# Vocal vibrato and Mozart



## petpap (Oct 25, 2011)

I am having problem with the amount of vibrato in Mozart vocal works.

I love my Mozart recordings to sound fresh, alive and with clear sound. I appreciate exquisitely phrased performances which feel spontaneous. I detest overly romantic interpretations made with overly sized orchestras. I also don't like Mozart to sound too "fluffy heaven", but to be more down to earth.

Some of my favourite recordings I have been listening to lately are the piano concertos with Viviana Sofronitzki (they are amazing! the fortepiano rocks!!), the Scottish Chamber Orchestra or Andrew Manzes recordings of the serenadas. Mostly I like HIP performances, but not because of authenticity - the only important thing for me is that I love the music...
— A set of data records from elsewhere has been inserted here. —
(* Write M_r = max_j (Q_rj + x_j) for the rows r of Q = [C; A] and call an entry
   tight when Q_rj + x_j = M_r.  Every arc of G(x) marks a tight entry of Q (for
   E2 and E3 because A^+, A^- <= A entrywise), so the undirected graph of G(x)
   embeds into the bipartite row/column graph of tight entries.  A cycle
   j_1 r_1 j_2 r_2 ... j_k r_k in that graph yields a k x k submatrix on which
   both the identity and the cyclic shift select only tight entries.  Every
   permutation of the submatrix weighs at most sum M_r - sum x_j and these two
   attain the bound, so its tropical determinant is finite and attained twice,
   which non-degeneracy forbids. *)

Lemma cycle_nth_edge (T : Type) (e : rel T) (x0 : T) (c : seq T) i :
  path.cycle e c -> i < size c -> e (nth x0 c i) (nth x0 c (i.+1 %% size c)).
Proof.
rewrite (cycle_path x0) => /(pathP x0) edge ic.
have [iSc | ] := ltnP i.+1 (size c); first by rewrite modn_small //; apply: (edge i.+1).
move=> ciS; have iS : i.+1 = size c by apply/eqP; rewrite eqn_leq ic ciS.
by rewrite iS modnn; have := edge 0; rewrite /= -nth_last -iS /=; apply.
Qed.

Definition ordS_perm k : 'S_k := perm (@ordS_inj k).

Lemma ordS_permE k (t : 'I_k) : val (ordS_perm k t) = t.+1 %% k.
Proof. by rewrite permE. Qed.

Lemma ordS_perm_neq1 k : 1 < k -> ordS_perm k != 1%g.
Proof.
move=> k_gt1; have k_gt0 : 0 < k by apply: ltnW.
apply/eqP => /(congr1 (fun s : 'S_k => val (s (Ordinal k_gt0)))).
by rewrite ordS_permE perm1 /= modn_small.
Qed.

Section BipartiteCycles.
Variables (A B : eqType) (adj : A -> B -> bool).

Definition bipartite_rel : rel (A + B) := fun u v =>
  match u, v with
  | inl a, inr b | inr b, inl a => adj a b
  | _, _ => false
  end.

Definition is_left (v : A + B) : bool := if v is inl _ then true else false.

Lemma bipartite_relC u v : bipartite_rel u v = bipartite_rel v u.
Proof. by case: u => ?; case: v => ?. Qed.

Lemma bipartite_rel_side u v : bipartite_rel u v -> is_left v = ~~ is_left u.
Proof. by case: u => ?; case: v => ?. Qed.

Lemma bipartite_cycle_parity x0 c : path.cycle bipartite_rel c ->
  (forall i, i < size c -> is_left (nth x0 c i) = is_left (nth x0 c 0) (+) odd i)
  /\ ~~ odd (size c).
Proof.
move=> cc; have side i : i < size c ->
    is_left (nth x0 c i) = is_left (nth x0 c 0) (+) odd i.
  elim: i => [|i IHi] ic; first by rewrite addbF.
  have := cycle_nth_edge x0 cc (ltnW ic); rewrite modn_small //.
  by move/bipartite_rel_side ->; rewrite IHi ?(ltnW ic) //= addbN.
split=> //; case: (posnP (size c)) => [-> // | c_gt0].
have := @cycle_nth_edge _ _ x0 c (size c).-1 cc.
rewrite ltn_predL c_gt0 prednK // modnn => /(_ isT) /bipartite_rel_side.
rewrite (side (size c).-1) ?ltn_predL // -[in odd (size c)](prednK c_gt0) /=.
by case: (is_left _); case: (odd _).
Qed.

Lemma bipartite_cycle_matchings_from_right b0 (c : seq (A + B)) :
  nth (inr b0) c 0 = inr b0 -> uniq c -> 3 <= size c -> path.cycle bipartite_rel c ->
  exists k (f : 'I_k -> A) (g : 'I_k -> B) (s : 'S_k),
    [/\ injective f, injective g, s != 1%g,
        forall t, adj (f t) (g t) & forall t, adj (f t) (g (s t))].
Proof.
move=> c_b0 uc c3 cc; pose a i := nth (inr b0) c i.
have edge i : i < size c -> bipartite_rel (a i) (a (i.+1 %% size c)).
  exact: cycle_nth_edge.
have [side even_c] := bipartite_cycle_parity (inr b0) cc.
rewrite c_b0 /= in side.
have [a0 _] : exists a0, a 1 = inl a0.
  by move: (side 1 (ltnW c3)); rewrite /a; case: (nth _ c 1) => [a0|//] _; exists a0.
pose left (v : A + B) := if v is inl a then a else a0.
pose right (v : A + B) := if v is inr b then b else b0.
have leftK i : i < size c -> odd i -> inl (left (a i)) = a i.
  by move=> ic; rewrite -side // /a; case: (nth _ _ _).
have rightK i : i < size c -> ~~ odd i -> inr (right (a i)) = a i.
  by move=> ic; rewrite -side // /a; case: (nth _ _ _).
have a_inj i j : i < size c -> j < size c -> a i = a j -> i = j.
  by move=> ic jc /eqP; rewrite nth_uniq // => /eqP.
pose k := (size c)./2.
have c2k : size c = 2 * k by rewrite mul2n even_halfK.
have k_gt1 : 1 < k by lia.
have lt_even (t : 'I_k) : 2 * t < size c by have := ltn_ord t; lia.
have lt_odd (t : 'I_k) : (2 * t).+1 < size c by have := ltn_ord t; lia.
have odd_2t (t : nat) : odd (2 * t) = false by rewrite oddM.
exists k, (fun t => left (a (2 * t).+1)), (fun t => right (a (2 * t))), (ordS_perm k).
split=> [t1 t2 /= f12 | t1 t2 /= g12 | | t | t].
- have := congr1 (@inl A B) f12; rewrite !leftK ?lt_odd /= ?odd_2t //.
  by move=> /(a_inj _ _ (lt_odd t1) (lt_odd t2)) t12; apply: ord_inj; lia.
- have := congr1 (@inr A B) g12; rewrite !rightK ?lt_even ?odd_2t //.
  by move=> /(a_inj _ _ (lt_even t1) (lt_even t2)) t12; apply: ord_inj; lia.
- exact: ordS_perm_neq1.
- have := edge _ (lt_even t); rewrite modn_small ?lt_odd //.
  by rewrite -(leftK _ (lt_odd t)) /= ?odd_2t // -(rightK _ (lt_even t)) ?odd_2t.
- have := edge _ (lt_odd t).
  have -> : (2 * t).+2 %% size c = 2 * ordS_perm k t.
    by rewrite ordS_permE muln_modr c2k; congr (_ %% _); lia.
  by rewrite -(leftK _ (lt_odd t)) /= ?odd_2t // -(rightK _ (lt_even _)) ?odd_2t.
Qed.

Lemma bipartite_cycle_matchings (c : seq (A + B)) :
  uniq c -> 3 <= size c -> path.cycle bipartite_rel c ->
  exists k (f : 'I_k -> A) (g : 'I_k -> B) (s : 'S_k),
    [/\ injective f, injective g, s != 1%g,
        forall t, adj (f t) (g t) & forall t, adj (f t) (g (s t))].
Proof.
case: c => [//|[a0 c'|b0 c']]; last exact: bipartite_cycle_matchings_from_right.
case: c' => [//|[a1|b1] c''] uc c3 cc; first by move: cc => /andP[].
apply: (@bipartite_cycle_matchings_from_right b1 (rot 1 [:: inl a0, inr b1 & c'']));
  by rewrite ?rot_uniq ?size_rot ?rot_cycle ?rot1_cons.
Qed.

End BipartiteCycles.

Local Open Scope ring_scope.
I hate operatic vibrato on the voices which is present on all versions I have heard so far (and I have heard many...). Occasional vibrato as an effect is fine, it's only when it is permanent that I detest it. Did singers always sing like that or is it a 20th century fenomena?

What surprises me is that operatic vibrato voices are present on both modern and period instrument recordings. I would have guessed that permanent voice vibrato would be absent in period instrument performances because the strings do not play with vibrato, but this is obviously not the case.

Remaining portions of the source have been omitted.